If you can direct me to the generalization of the binomial with real it would be greatly appreciated.

Unfortunately I forget where I’ve seen the continuous generalization of the binomial! If I remember I will post it here. A quick google search returned this paper about continuous versions of the poisson and binomial

but I didn’t have time to read through it, so I can’t vouch for it. Maybe it has something useful though.

There’s more stuff on google too that I didn’t have time to go through. E.g., searching for “continuous extension of the binomial distribution”. Unfortunately I can’t guarantee that it will be obvious how to do it for the beta-binomial though!

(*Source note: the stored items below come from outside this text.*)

Lemma diag_holder_ratio_le (q : R) u v : 0 < q <= 1 -> 0 <= K1 -> 0 <= K2 ->
  `|u| <= M -> `|v| <= M -> u != v ->
  `|f (x0 + diagm alpha *m u) - f (x0 + diagm alpha *m v)| / enorm (u - v) `^ q
    <= p%:R * (p%:R * (2 * M)) `^ (1 - q) * (K1 + p%:R * M * K2).
Proof.
move=> /andP[q_gt0 q_le1] K1_ge0 K2_ge0 uM vM uv.
set K := K1 + _; have K_ge0 : 0 <= K by rewrite addr_ge0 // !mulr_ge0.
set e := enorm (u - v); have e_gt0 : 0 < e by rewrite enorm_gt0 // subr_eq0.
have e_le : e <= p%:R * (2 * M).
  apply: le_trans (enorm_le_mx_norm _) _; apply: ler_wpM2l => //.
  by rewrite mulr2n mulrDl mul1r (le_trans (ler_normB _ _)) ?lerD.
have e_ratio : e / e `^ q = e `^ (1 - q).
  by rewrite powRB ?powRr1 ?ltW // (gt_eqF e_gt0) implybT.
apply: le_trans (ler_wpM2r _ (diag_increment_le uM vM)) _.
  by rewrite invr_ge0 powR_ge0.
apply: le_trans (_ : p%:R * e * K / e `^ q <= _).
  apply: ler_wpM2r; first by rewrite invr_ge0 powR_ge0.
  by rewrite ler_wpM2r // ler_wpM2l // mx_norm_le_enorm.
rewrite mulrAC -[p%:R * e / _]mulrA e_ratio; apply/ler_wpM2r/ler_wpM2l => //.
by apply: ge0_ler_powR; rewrite ?subr_ge0 ?nnegrE ?(ltW e_gt0) ?mulr_ge0.
Qed.

Lemma holder_sup_ge0 U (q : R) : (0 <= holder_sup f x0 (diagm alpha) U M q)%E.
Proof. by apply: ereal_sup_ubound; left. Qed.

Lemma holder_sup_le U (q : R) : 0 < q <= 1 -> 0 <= K1 -> 0 <= K2 ->
  (holder_sup f x0 (diagm alpha) U M q <=
   (p%:R * (p%:R * (2 * M)) `^ (1 - q) * (K1 + p%:R * M * K2))%:E)%E.
Proof.
move=> q01 K1_ge0 K2_ge0.
apply: ge_ereal_sup => _ [-> | [u [v [_ [uM vM] uv ->]]]].
  by rewrite lee_fin mulr_ge0 ?addr_ge0 ?mulr_ge0 ?powR_ge0.
rewrite lee_fin diag_holder_ratio_le //; last exact/eqP.
  exact: le_trans (mx_norm_le_enorm _) (ltW uM).
exact: le_trans (mx_norm_le_enorm _) (ltW vM).
Qed.

End diagonal_scaling.

End partial_derivatives.

Section outer_probability.
Context (R : realType) (d : measure_display) (Omega : measurableType d).
Variable P : probability Omega R.
Implicit Types (E F N : set Omega) (delta : R).

Lemma outer_lt_sub E F delta : E `<=` F -> outer_lt P F delta -> outer_lt P E delta.
Proof. by move=> EF [A [mA FA PA]]; exists A; split => //; apply: subset_trans FA. Qed.

Lemma outer_ltU E F (d1 d2 : R) :
  outer_lt P E d1 -> outer_lt P F d2 -> outer_lt P (E `|` F) (d1 + d2).
Proof.
move=> [A [mA EA PA]] [B [mB FB PB]]; exists (A `|` B); split.
- exact: measurableU.
- exact: setUSS.
- by apply: le_lt_trans (measureU2 P mA mB) _; rewrite EFinD lteD.
Qed.

Lemma outer_lt_null N delta :
  measurable N -> P N = 0%E -> 0 < delta -> outer_lt P N delta.
Proof. by move=> mN PN delta_gt0; exists N; split => //; rewrite PN lte_fin. Qed.

Lemma outer_lt_setU_null N E delta : measurable N -> P N = 0%E ->
  outer_lt P E delta -> outer_lt P (N `|` E) delta.
Proof.
move=> mN PN [A [mA EA PA]]; exists (N `|` A); split.
- exact: measurableU.
- exact: setUS.
- apply: le_lt_trans (measureU2 P mN mA) _.
  by rewrite [X in (X + _)%E](_ : _ = 0%E) ?add0e.
Qed.

Variable TT : set R.

Definition vanishing_in_prob (E : R -> set Omega) :=
  forall delta, 0 < delta ->
    exists T0 : R, forall T, TT T -> T0 <= T -> outer_lt P (E T) delta.

Lemma vanishing_in_prob_sub (E F : R -> set Omega) :
  (forall T, TT T -> E T `<=` F T) -> vanishing_in_prob F -> vanishing_in_prob E.
Proof.
move=> EF F0 delta /F0[T0 FT]; exists T0 => T TT_T T0T.
exact: outer_lt_sub (EF T TT_T) (FT T TT_T T0T).
Qed.

Lemma vanishing_in_probU (E F : R -> set Omega) :
  vanishing_in_prob E -> vanishing_in_prob F -> vanishing_in_prob (fun T => E T `|` F T).
Proof.
move=> E0 F0 delta delta_gt0.
have [|T1 ET] := E0 (delta / 2); first by rewrite divr_gt0.
have [|T2 FT] := F0 (delta / 2); first by rewrite divr_gt0.
exists (Num.max T1 T2) => T TT_T; rewrite ge_max => /andP[T1T T2T].
by rewrite (splitr delta); apply: outer_ltU; [exact: ET | exact: FT].
Qed.

Lemma vanishing_in_prob_bigcup (I : finType) (J : set I) (E : R -> I -> set Omega) :
  (forall i, J i -> vanishing_in_prob (E ^~ i)) ->
  vanishing_in_prob (fun T => \bigcup_(i in J) E T i).
Proof.
move=> EJ; suff: forall s : seq I,
    vanishing_in_prob (fun T => \bigcup_(i in [set i | i \in s /\ J i]) E T i).
  move/(_ (enum I)); apply: vanishing_in_prob_sub => T _ w [i Ji Ew].
  by exists i => //; split; rewrite ?mem_enum.
elim => [|i s IH].
  move=> delta delta_gt0; exists 0 => T _ _.
  by apply: outer_lt_sub (outer_lt_null measurable0 (measure0 P) delta_gt0) => w [j []].
have [Ji|NJi] := pselect (J i).
  apply: vanishing_in_prob_sub (vanishing_in_probU (EJ i Ji) IH) => T _ w [j [+ Jj] Ew].
  by rewrite in_cons => /orP[/eqP ji|js]; [left; rewrite -ji | right; exists j].
apply: vanishing_in_prob_sub IH => T _ w [j [+ Jj] Ew].
by rewrite in_cons => /orP[/eqP ji|js]; [move: Jj; rewrite ji | exists j].
Qed.

Lemma cvg0_in_probP (X : R -> Omega -> \bar R) : cvg0_in_prob P TT X <->
  forall eps, 0 < eps -> vanishing_in_prob (fun T => [set w | (eps%:E < `|X T w|)%E]).
Proof. by split=> X0 eps delta; [move=> ? ?| move=> ?]; apply: X0. Qed.

Lemma bounded_in_prob_ge0 (X : R -> Omega -> \bar R) : bounded_in_prob P TT X ->
  forall delta, 0 < delta -> exists2 K : R, 0 <= K & exists T0 : R,
    forall T, TT T -> T0 <= T -> outer_lt P [set w | (K%:E < `|X T w|)%E] delta.
Proof.
move=> Xb delta /Xb[K [T0 XK]]; exists (Num.max K 0); first by rewrite le_max lexx orbT.
exists T0 => T TT_T T0T; apply: outer_lt_sub (XK T TT_T T0T) => w /=.
by apply: le_lt_trans; rewrite lee_fin le_max lexx ?orTb.
Qed.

Oh I see what you mean. If possible, can you share the transformed parameters code that creates the real numbered population size?

Thanks to have searched !
I am a biologist not a statistician so not sure I can write of function in Stan to do what was proposed in the paper you mentioned. :-)

@jonah Unfortunately, I can’t. But you can think about the application of a model like the Ricker’s model.

It might be worth asking on a math/stats forum about a continuous generalization of the beta-binomial. If you find anything then you can definitely bring it back here and we can help you code it up in Stan.

You could also code up a toy version of your model that has the same issue you’re confronting but not your actual code (if you need to keep it private). Having something that people can play with and try out usually helps attract more responses.

See discussion here for more on these generalisations.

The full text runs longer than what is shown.